• _Exercise materials_:
(** Extensivity: for all A, B the canonical functor
      C/A x C/B -> C/(A+B),  ((X,a),(Y,b)) |-> (X+Y, a+b),  (p,q) |-> p+q
    is an equivalence, i.e. essentially surjective, full and faithful. *)
Definition Extensive {C : Category} (cp : Coproducts C) : Prop :=
  (forall (A B Z : C) (f : Hom C Z (coprod cp A B)),
     exists (X Y : C) (a : Hom C X A) (b : Hom C Y B) (phi : Hom C (coprod cp X Y) Z),
       is_iso phi /\ comp f phi = cpmap cp a b) /\
  (forall (A B X Y X' Y' : C) (a : Hom C X A) (b : Hom C Y B)
          (a' : Hom C X' A) (b' : Hom C Y' B) (u : Hom C (coprod cp X Y) (coprod cp X' Y')),
     comp (cpmap cp a' b') u = cpmap cp a b ->
     exists (p : Hom C X X') (q : Hom C Y Y'),
       comp a' p = a /\ comp b' q = b /\ u = cpmap cp p q) /\
  (forall (A B X Y X' Y' : C) (a : Hom C X A) (b : Hom C Y B)
          (a' : Hom C X' A) (b' : Hom C Y' B) (p p' : Hom C X X') (q q' : Hom C Y Y'),
     comp a' p = a -> comp a' p' = a -> comp b' q = b -> comp b' q' = b ->
     cpmap cp p q = cpmap cp p' q' -> p = p' /\ q = q').

Section Coalg.
Variables (C : Category) (cp : Coproducts C) (T : Monad C) (F : Functor C C)
          (Fb : KleisliExtension T F) (I : C).

(** Morphism in Coalg_I^p(Fbar) between (C1,c1,i1) and (C2,c2,i2):
    a pure Kleisli morphism h (identified with h : C1 -> C2 in C). *)
Definition pure_coalg_hom {C1 C2 : C}
  (c1 : Hom C C1 (T (F C1))) (i1 : Hom C I (T C1))
  (c2 : Hom C C2 (T (F C2))) (i2 : Hom C I (T C2)) (h : Hom C C1 C2) : Prop :=
  kcomp T (Fbar Fb (pure T h)) c1 = kcomp T c2 (pure T h) /\
  kcomp T (pure T h) i1 = i2.
Lemma twin_adj A a b a' b' : twin A a a' -> twin A b b' -> ~~ twin A a b -> e a b = e a' b'.
Proof.
move=> taa tbb nab.
have [aA a'A] := twin_in taa; have [bA b'A] := twin_in tbb.
have ab : a != b by apply: contra nab => /eqP <-; apply: twin_refl.
have a'b : a' != b by apply: contra nab => /eqP E; rewrite -E.
have b'a' : b' != a'.
  apply: contra nab => /eqP E; apply: (twin_trans taa); rewrite -E; exact: twin_sym.
rewrite (adj_cnbr bA ab) (twin_cnbr taa) -(adj_cnbr bA a'b) esym.
rewrite (adj_cnbr a'A); last by rewrite eq_sym.
by rewrite (twin_cnbr tbb) -(adj_cnbr a'A b'a') esym.
Qed.

Lemma twin_subset C D x y : C \subset D -> x \in C -> y \in C -> twin D x y -> twin C x y.
Proof. by move=> CD xC yC t; rewrite /twin xC yC !(cnbr_subset CD) // (twin_cnbr t) eqxx. Qed.

Lemma twin_setD B S x y : x \notin S -> y \notin S -> twin B x y -> twin (B :\: S) x y.
Proof.
move=> xS yS t; have [xB yB] := twin_in t.
by rewrite /twin !inE xS yS xB yB !cnbr_setD // (twin_cnbr t) eqxx.
Qed.

Lemma rho_sub A : rho e A \subset A.
Proof. by apply/subsetP=> v; rewrite inE => /andP[]. Qed.

Lemma enum_rank_neq u v : u != v -> (enum_rank u < enum_rank v) || (enum_rank v < enum_rank u).
Proof.
move=> uv; rewrite -neq_ltn; apply: contra uv => /eqP E.
by apply/eqP/enum_rank_inj/val_inj.
Qed.

Lemma rho_twin_rep A x : x \in A -> exists2 y, y \in rho e A & twin A x y.
Proof.
move=> xA.
have [y txy ymin] := arg_minnP (fun y => enum_rank y) (twin_refl xA).
exists y => //.
have [_ yA] := twin_in txy.
rewrite inE yA /=; apply/existsP=> [[u /andP[]]].
rewrite siblingsE => /andP[tuy _].
by rewrite ltnNge ymin // (twin_trans txy (twin_sym tuy)).
Qed.

Lemma rho_twin_uniq A : {in rho e A &, forall y y', twin A y y' -> y = y'}.
Proof.
move=> y y' yR y'R t; apply/eqP/negPn/negP=> yy'.
case/orP: (enum_rank_neq yy') => lt.
  move: y'R; rewrite inE => /andP[_ /existsP]; apply; exists y.
  by rewrite siblingsE t yy' lt.
move: yR; rewrite inE => /andP[_ /existsP]; apply; exists y'.
by rewrite siblingsE twin_sym // eq_sym yy' lt.
Qed.

Definition twin_transversal A C := [/\ C \subset A,
  forall x, x \in A -> exists2 c, c \in C & twin A x c &
  {in C &, forall c c', twin A c c' -> c = c'}].

Lemma rho_transversal A : twin_transversal A (rho e A).
Proof. by split; [exact: rho_sub | move=> x; exact: rho_twin_rep | exact: rho_twin_uniq]. Qed.

Definition graph_iso (f : T -> T) A B :=
  [/\ {in A &, injective f}, f @: A = B & {in A &, forall u v, e (f u) (f v) = e u v}].

Lemma iso_on_refl A : iso_on e A A.
Proof. by exists id; split=> //; rewrite imset_id. Qed.

Lemma iso_on_trans A B C : iso_on e A B -> iso_on e B C -> iso_on e A C.
Proof.
case=> f [fi fA fe] [g [gi gB ge]].
have fB x : x \in A -> f x \in B by move=> xA; rewrite -fA imset_f.
exists (g \o f); split.
- by move=> x y xA yA /= /gi E; apply: fi => //; apply: E; apply: fB.
- by rewrite imset_comp fA.
- by move=> u v uA vA /=; rewrite ge ?fe ?fB.
Qed.

Lemma iso_on_sym A B : iso_on e A B -> iso_on e B A.
Proof.
case=> f [fi fA fe].
pose g y := odflt y [pick x in A | f x == y].
have gP y : y \in B -> (g y \in A) /\ f (g y) = y.
  move=> yB; rewrite /g; case: pickP => [x /andP[xA /eqP E] | none] //=.
  move: yB; rewrite -fA => /imsetP[x xA E]; have := none x; by rewrite xA E eqxx.
exists g; split.
- by move=> x y xB yB E; have [_ <-] := gP x xB; have [_ <-] := gP y yB; rewrite E.
- apply/setP=> x; apply/imsetP/idP => [[y yB ->]|xA]; first by have [] := gP y yB.
  have fxB : f x \in B by rewrite -fA imset_f.
  by exists (f x) => //; have [gA E] := gP _ fxB; apply: fi.
- move=> u v uB vB; have [uA Eu] := gP u uB; have [vA Ev] := gP v vB.
  by rewrite -fe // Eu Ev.
Qed.

(* Pairing each representative in C with its twin in D is an isomorphism
   because adjacency between distinct twin classes does not depend on the
   chosen representatives (twin_adj). *)
Lemma transversal_iso A C D :
  twin_transversal A C -> twin_transversal A D -> iso_on e C D.
Proof.
case=> CA Crep Cu [DA Drep Du].
pose phi c := odflt c [pick d in D | twin A c d].
have phiP c : c \in A -> (phi c \in D) /\ twin A c (phi c).
  move=> cA; rewrite /phi; case: pickP => [d /andP[dD t] | none] //=.
  have [d dD t] := Drep c cA; have := none d; by rewrite dD t.
have phiP' c : c \in C -> (phi c \in D) /\ twin A c (phi c).
  by move=> cC; apply/phiP/(subsetP CA).
exists phi; split.
- move=> c c' cC c'C E.
  have [_ t] := phiP' c cC; have [_ t'] := phiP' c' c'C.
  by apply: Cu => //; apply: (twin_trans t); rewrite E; apply: twin_sym.
- apply/setP=> d; apply/imsetP/idP => [[c cC ->]|dD]; first by have [] := phiP' c cC.
  have [c cC t] := Crep d (subsetP DA d dD); exists c => //.
  have [pD t'] := phiP' c cC.
  by apply: Du => //; apply: twin_trans t t'.
- move=> u v uC vC.
  have [_ tu] := phiP' u uC; have [_ tv] := phiP' v vC.
  case: (u =P v) => [<-|uv]; first by rewrite !eirr.
  by symmetry; apply: (twin_adj tu tv); apply/negP => /(Cu u v uC vC).
Qed.

Definition twin_cover C D :=
  C \subset D /\ forall z, z \in D -> exists2 z', z' \in C & twin D z z'.

Lemma rho_twin_cover A : twin_cover (rho e A) A.
Proof. by split; [exact: rho_sub | move=> z; exact: rho_twin_rep]. Qed.

(* A vertex z of D outside C sees a of C iff its twin z' in C does, and z'
   is seen by b whenever it is seen by a. *)
Lemma twin_cover_twin C D x y :
  twin_cover C D -> x \in C -> y \in C -> twin C x y -> twin D x y.
Proof.
move=> [CD cover] xC yC t.
suff sub a b : a \in C -> b \in C -> cnbr e D a :&: C = cnbr e D b :&: C ->
    cnbr e D a \subset cnbr e D b.
  have E : cnbr e D x :&: C = cnbr e D y :&: C by rewrite -!(cnbr_subset CD) // (twin_cnbr t).
  by rewrite /twin !(subsetP CD) //= eqEsubset !sub.
move=> aC bC Eab; apply/subsetP => z za.
have [aD bD] := (subsetP CD a aC, subsetP CD b bC).
have inCb c : c \in C -> c \in cnbr e D a -> c \in cnbr e D b.
  move=> cC ca; have : c \in cnbr e D a :&: C by rewrite inE ca cC.
  by rewrite Eab => /setIP[].
have zD : z \in D := subsetP (cnbr_sub aD) z za.
case zC: (z \in C); first exact: inCb za.
have [z' z'C tzz'] := cover z zD.
have z'D := subsetP CD z' z'C.
have z'a : z' \in cnbr e D a by rewrite cnbr_sym // -(twin_cnbr tzz') cnbr_sym.
by rewrite cnbr_sym // (twin_cnbr tzz') cnbr_sym // inCb.
Qed.

Lemma twin_cover_transversal C D : twin_cover C D -> twin_transversal D (rho e C).
Proof.
move=> cov; have [CD cover] := cov; split.
- exact: subset_trans (rho_sub C) CD.
- move=> x xD; have [z' z'C t] := cover x xD.
  have [c cR t'] := rho_twin_rep z'C.
  exists c => //; apply: (twin_trans t); apply: twin_cover_twin cov _ _ t' => //.
  exact: subsetP (rho_sub C) c cR.
- move=> c c' cR c'R t; apply: (rho_twin_uniq cR c'R).
  by apply: twin_subset CD _ _ t; apply: (subsetP (rho_sub C)).
Qed.

Lemma twin_cover_iso C D : twin_cover C D -> iso_on e (rho e C) (rho e D).
Proof. by move=> cov; apply: transversal_iso (twin_cover_transversal cov) (rho_transversal D). Qed.

Lemma graph_iso_restr f A A' B : graph_iso f A A' -> B \subset A -> graph_iso f B (f @: B).
Proof.
case=> fi _ fe BA; split=> // x y xB yB; [apply: fi | apply: fe]; exact: subsetP BA _ _.
Qed.

Section GraphIso.
Variables (f : T -> T) (A A' : {set T}).
Hypothesis fiso : graph_iso f A A'.

Lemma graph_iso_mem x : x \in A -> f x \in A'.
Proof. by case: fiso => _ <- _ xA; rewrite imset_f. Qed.

Lemma graph_iso_nbr v : v \in A -> nbr e A' (f v) = f @: nbr e A v.
Proof.
case: fiso => fi fA fe vA; apply/setP=> y; rewrite in_nbr.
apply/andP/imsetP => [[yA' evy]|[x xn ->]].
  move: yA'; rewrite -fA => /imsetP[x xA E]; exists x => //.
  by rewrite in_nbr xA -fe // -E.
by move: xn; rewrite in_nbr => /andP[xA evx]; rewrite graph_iso_mem // fe.
Qed.

Lemma graph_iso_leaf v : v \in A -> leaf e A' (f v) = leaf e A v.
Proof.
case: fiso => fi _ _ vA.
rewrite /leaf vA graph_iso_mem // graph_iso_nbr // card_in_imset //.
by move=> x y; rewrite !in_nbr => /andP[xA _] /andP[yA _]; apply: fi.
Qed.

Lemma graph_iso_lambda : graph_iso f (lambda e A) (lambda e A').
Proof.
have [fi fl fe] := graph_iso_restr fiso (subsetDl A (leaves e A)); split => //.
case: fiso => _ fA _; apply/setP=> y; rewrite /lambda /lambdaS.
apply/imsetP/idP => [[x]|].
  by rewrite !inE => /andP[nl xA] ->; rewrite graph_iso_mem // graph_iso_leaf // nl.
rewrite !inE => /andP[nl]; rewrite -fA => /imsetP[x xA E]; exists x => //.
by rewrite !inE xA -(graph_iso_leaf xA) -E nl.
Qed.

Lemma graph_iso_cnbr u x : u \in A -> x \in A ->
  (f x \in cnbr e A' (f u)) = (x \in cnbr e A u).
Proof.
case: fiso => fi _ fe uA xA.
by rewrite !in_cnbr (inj_in_eq fi) // graph_iso_mem // xA fe.
Qed.

Lemma graph_iso_twin u v : u \in A -> v \in A -> twin A' (f u) (f v) = twin A u v.
Proof.
case: fiso => _ fA _ uA vA; rewrite /twin !graph_iso_mem // uA vA /=.
have out B' a x : a \in B' -> x \notin B' -> (x \in cnbr e B' a) = false.
  by move=> aB xB; apply: contraNF xB; apply: (subsetP (cnbr_sub aB)).
apply/eqP/eqP => E; apply/setP => x.
  case xA: (x \in A); last by rewrite !out ?xA.
  by rewrite -!(graph_iso_cnbr _ xA) // E.
case xA': (x \in A'); last by rewrite !out ?xA' ?graph_iso_mem.
by move: xA'; rewrite -{1}fA => /imsetP[y yA ->]; rewrite !graph_iso_cnbr // E.
Qed.

Lemma graph_iso_rho : iso_on e (rho e A) (rho e A').
Proof.
have sub := rho_sub A.
apply: (@iso_on_trans _ (f @: rho e A)); first by exists f; apply: graph_iso_restr fiso sub.
apply: (@transversal_iso A'); last exact: rho_transversal.
have [_ fA _] := fiso; split.
- by rewrite -fA; apply: imsetS.
- move=> x; rewrite -{1}fA => /imsetP[a aA ->].
  have [y yR t] := rho_twin_rep aA.
  by exists (f y); rewrite ?imset_f // graph_iso_twin // (subsetP sub).
- move=> c c' /imsetP[a aR ->] /imsetP[b bR ->].
  by rewrite graph_iso_twin ?(subsetP sub) // => t; rewrite (rho_twin_uniq aR bR t).
Qed.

• _Problem_:
From the listing above, output exactly the run of lines that starts with the line containing "Proof. by split; [exact: rho_sub | move=> z;" and ends with the line containing "move=> aC bC Eab; apply/subsetP => z za.".

• _Expected answer_:
Proof. by split; [exact: rho_sub | move=> z; exact: rho_twin_rep]. Qed.

(* A vertex z of D outside C sees a of C iff its twin z' in C does, and z'
   is seen by b whenever it is seen by a. *)
Lemma twin_cover_twin C D x y :
  twin_cover C D -> x \in C -> y \in C -> twin C x y -> twin D x y.
Proof.
move=> [CD cover] xC yC t.
suff sub a b : a \in C -> b \in C -> cnbr e D a :&: C = cnbr e D b :&: C ->
    cnbr e D a \subset cnbr e D b.
  have E : cnbr e D x :&: C = cnbr e D y :&: C by rewrite -!(cnbr_subset CD) // (twin_cnbr t).
  by rewrite /twin !(subsetP CD) //= eqEsubset !sub.
move=> aC bC Eab; apply/subsetP => z za.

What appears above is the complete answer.